12/03/2016 06:35:00

Un drone per la viticoltura. Il progetto delle Cantine Birgi a Marsala

 Un gruppo di agronomi ed esperti di economia e di marketing hanno messo su una progettazione ad hoc pensata per l’agricoltura.
Il team, formato dagli agronomi Gian Piero Vantaggiato e Katia Omodei, dai dottori Vincenzo Fundarò, economista, Evelyn Renda, esperta in marketing, e Giuseppe Vantaggiato che si occupa di gestione e controllo aziendale, ha presentato presso la Cantina Birgi il progetto “Wine copyright, vino d’autore. Gestione dei vigneti e produzione di vino con una metodologia innovativa”.
Il gruppo lavora in totale sinergia di intenti e di progettualità con l’Università degli Studi di Palermo e con l’I.E.ME.S.T. , l’istituto Euro Mediterraneo di Scienza e Tecnologia.
Il progetto presentato prende le mosse dalla innovazione in ambito vitivinicolo con l’aiuto di tecnologie nuove e risolutive di parecchi problemi che si possono abbattere sulle filiere delle viti.
In Italia, fanno notare gli attivisti del progetto, si produce circa il 18% del prodotto vinicolo; solo in Sicilia il 16.5%
Dall’esame dei dati annuali però si è notato come la concorrenza internazionale abbia di fatto bloccato i vini italiani nella loro vendita e commercializzazione.
Per essere pertanto competitivi c’è bisogno che l’agricoltura del settore si ammodernizzi e che passi a tecniche che possano portare al massimo risultato con attenzione, però, al prodotto venduto, tutelando in modo particolare due specie autoctone che sono il frappato e il grillo.
Per proteggere queste due colture e creare dei vini che sono esclusivi e non imitabili bisogna estrarre i lieviti indigeni territoriali che per la peculiarità del nostro territorio si trovano esclusivamente nelle zone del territorio di Birgi e di tutto lo Stagnone.
Questo perché oggi il mercato, spiega Gian Piero Vantaggiato, richiede dei vini di qualità caratterizzati da originalità sensoriale e forte identità territoriale.
Per avere, però, un vino di qualità , continua il relatore, bisogna avere dei vigneti di qualità , con controlli effettuati tutto l’anno tramite tecnologie innovative: il drone.
Con il drone i vigneti verranno monitorati costantemente , le telecamere multispettrali, sorvolando il vigneto, faranno una tac allo stesso e si potrà dire con esattezza se la pianta è sana o malata.
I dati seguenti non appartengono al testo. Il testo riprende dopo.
(* For every $t\ge 0$, every $k\ge 1$ and every collection $\Omega$ of functions, $$\rho_1\bigl(\mathsf{vwl}_k^{(t)}\bigr)=\rho_1\bigl(\mathsf{TL}_{k+1}^{(t)}(\Omega)\bigr).$$
   Context: Fix integers $n\ge 1$ and $\ell\ge 1$. A graph is a triple $G=(V_G,E_G,\mathrm{col}_G)$ with $V_G=[n]=\{1,\dots,n\}$, $E_G$ a set of unordered pairs of distinct vertices (undirected, no loops), and a vertex labelling $\mathrm{col}_G:V_G\to\mathbb R^\ell$; $N_G(v)=\{u:uv\in E_G\}$. Let $\mathcal G=\mathcal G_0$ be the set of all such graphs and, for $s\ge 1$, $\mathcal G_s=\{(G,\mathbf v):G\in\mathcal G,\ \mathbf v\in V_G^s\}$. Tensor language $\mathsf{TL}(\Omega)$: let $\Omega$ be a collection of functions, each of the form $f:\mathbb R^p\to\mathbb R$ for some $p\ge1$ depending on $f$. Expressions are generated by $\varphi::=\mathbf 1_{x=y}\mid \mathbf 1_{x\neq y}\mid E(x,y)\mid P_s(x)\mid \varphi\cdot\varphi\mid \varphi+\varphi\mid a\cdot\varphi\mid f(\varphi_1,\dots,\varphi_p)\mid \sum_x\varphi$, with $x,y$ index variables, $s\in[\ell]$, $a\in\mathbb R$, $f\in\Omega$ of arity $p$. Free variables: $\mathrm{free}(\mathbf 1_{x\,\mathrm{op}\,y})=\mathrm{free}(E(x,y))=\{x,y\}$, $\mathrm{free}(P_s(x))=\{x\}$; for $\varphi_1\cdot\varphi_2$, $\varphi_1+\varphi_2$, $f(\varphi_1,\dots,\varphi_p)$ the union of the components' free variables; $\mathrm{free}(a\cdot\varphi)=\mathrm{free}(\varphi)$; $\mathrm{free}(\sum_x\varphi)=\mathrm{free}(\varphi)\setminus\{x\}$. Semantics: for a graph $G$ and a valuation $\nu$ mapping variables to $V_G$: $[\![E(x,y)]\!]^\nu_G=1$ if $\nu(x)\nu(y)\in E_G$ and $0$ otherwise; $[\![P_s(x)]\!]^\nu_G=\mathrm{col}_G(\nu(x))_s$; $[\![\mathbf 1_{x\,\mathrm{op}\,y}]\!]^\nu_G=1$ if $\nu(x)\,\mathrm{op}\,\nu(y)$ and $0$ otherwise; $\cdot$, $+$, scalar multiplication and $f$ act on the values of the components; $[\![\sum_x\varphi]\!]^\nu_G=\sum_{v\in V_G}[\![\varphi]\!]^{\nu[x\mapsto v]}_G$. For $\varphi$ with free variables among $x_1,\dots,x_s$ and $\mathbf v\in V_G^s$, $[\![\varphi]\!]^{\mathbf v}_G$ denotes the value under $x_i\mapsto v_i$. Summation depth $\mathrm{sd}$: $0$ for atoms, maximum over the components for $\cdot$, $+$, $f(\dots)$, $\mathrm{sd}(a\cdot\varphi)=\mathrm{sd}(\varphi)$, $\mathrm{sd}(\sum_x\varphi)=\mathrm{sd}(\varphi)+1$. $\mathsf{TL}_k(\Omega)$ is the set of expressions in which only variables from $\{x_1,\dots,x_k\}$ occur (free or bound; variables may be re-bound), and $\mathsf{TL}_k^{(t)}(\Omega)$ its subset of summation depth at most $t$. Separation power: for a set $\mathcal F$ of functions $f:\mathcal G_s\to\mathbb R^{m_f}$, $\rho_s(\mathcal F)=\{((G,\mathbf v),(H,\mathbf w))\in\mathcal G_s\times\mathcal G_s: f(G,\mathbf v)=f(H,\mathbf w)\ \forall f\in\mathcal F\}$ (for $s=0$, pairs of graphs), and $\rho_s(f)=\rho_s(\{f\})$. For a set $\mathcal L$ of expressions, $\rho_s(\mathcal L)$ is the set of pairs with $[\![\varphi]\!]^{\mathbf v}_G=[\![\varphi]\!]^{\mathbf w}_H$ for all $\varphi\in\mathcal L$ whose free variables are among $x_1,\dots,x_s$ (for $s=0$: all closed expressions in $\mathcal L$). $k$-dimensional Weisfeiler–Leman ($k\ge1$): for $\mathbf v\in V_G^k$, the atomic type $\mathsf{atp}_k(G,\mathbf v)$ records, for all $1\le i<j\le k$, whether $v_i=v_j$ and whether $v_iv_j\in E_G$, together with $\mathrm{col}_G(v_i)$ for all $i\in[k]$. Set $\mathsf{wl}_k^{(0)}(G,\mathbf v)=\mathsf{atp}_k(G,\mathbf v)$ and $\mathsf{wl}_k^{(t+1)}(G,\mathbf v)=\bigl(\mathsf{wl}_k^{(t)}(G,\mathbf v),\{\!\{(\mathsf{atp}_{k+1}(G,(v_1,\dots,v_k,u)),\mathsf{wl}_k^{(t)}(G,\mathbf v[u/1]),\dots,\mathsf{wl}_k^{(t)}(G,\mathbf v[u/k])):u\in V_G\}\!\}\bigr)$, where $\mathbf v[u/i]$ replaces the $i$-th entry of $\mathbf v$ by $u$ and $\{\!\{\cdot\}\!\}$ denotes a multiset. Labels are compared as formal objects across graphs. $\mathsf{vwl}_k^{(t)}(G,v)=\mathsf{wl}_k^{(t)}(G,(v,\dots,v))$. $\rho_1(\mathsf{vwl}_k^{(t)})$ is the set of pairs $((G,v),(H,w))$ with $\mathsf{vwl}_k^{(t)}(G,v)=\mathsf{vwl}_k^{(t)}(H,w)$. *)

From Stdlib Require Import Reals.
From mathcomp Require Import all_boot all_fingroup.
Il drone, grazie alle coordinate gps correttamente inserite, raggiunge il vigneto e ivi scatta delle foto, 3 al secondo, e nell’ immediato le trasmette al pc così da individuarne malattie o stress.
Questa è l’agricoltura di precisione molto diffusa in tutto il nord Italia.
La presentazione del progetto, infatti, non a caso viene fatta alla cantina Birgi, poiché è l’unica che ad oggi utilizza la agricoltura di precisione.
Questa nuova tecnologia potrebbe porre fine agli attacchi parassitari che creano la perdita di circa il 20-30% della produzione o potrebbe evitare interventi non necessari e pertanto costosi.
E la cantina Birgi che sta investendo sulla ricerca e sulla tecnologia sembra stia dando una svolta a tutta la viticoltura marsalese.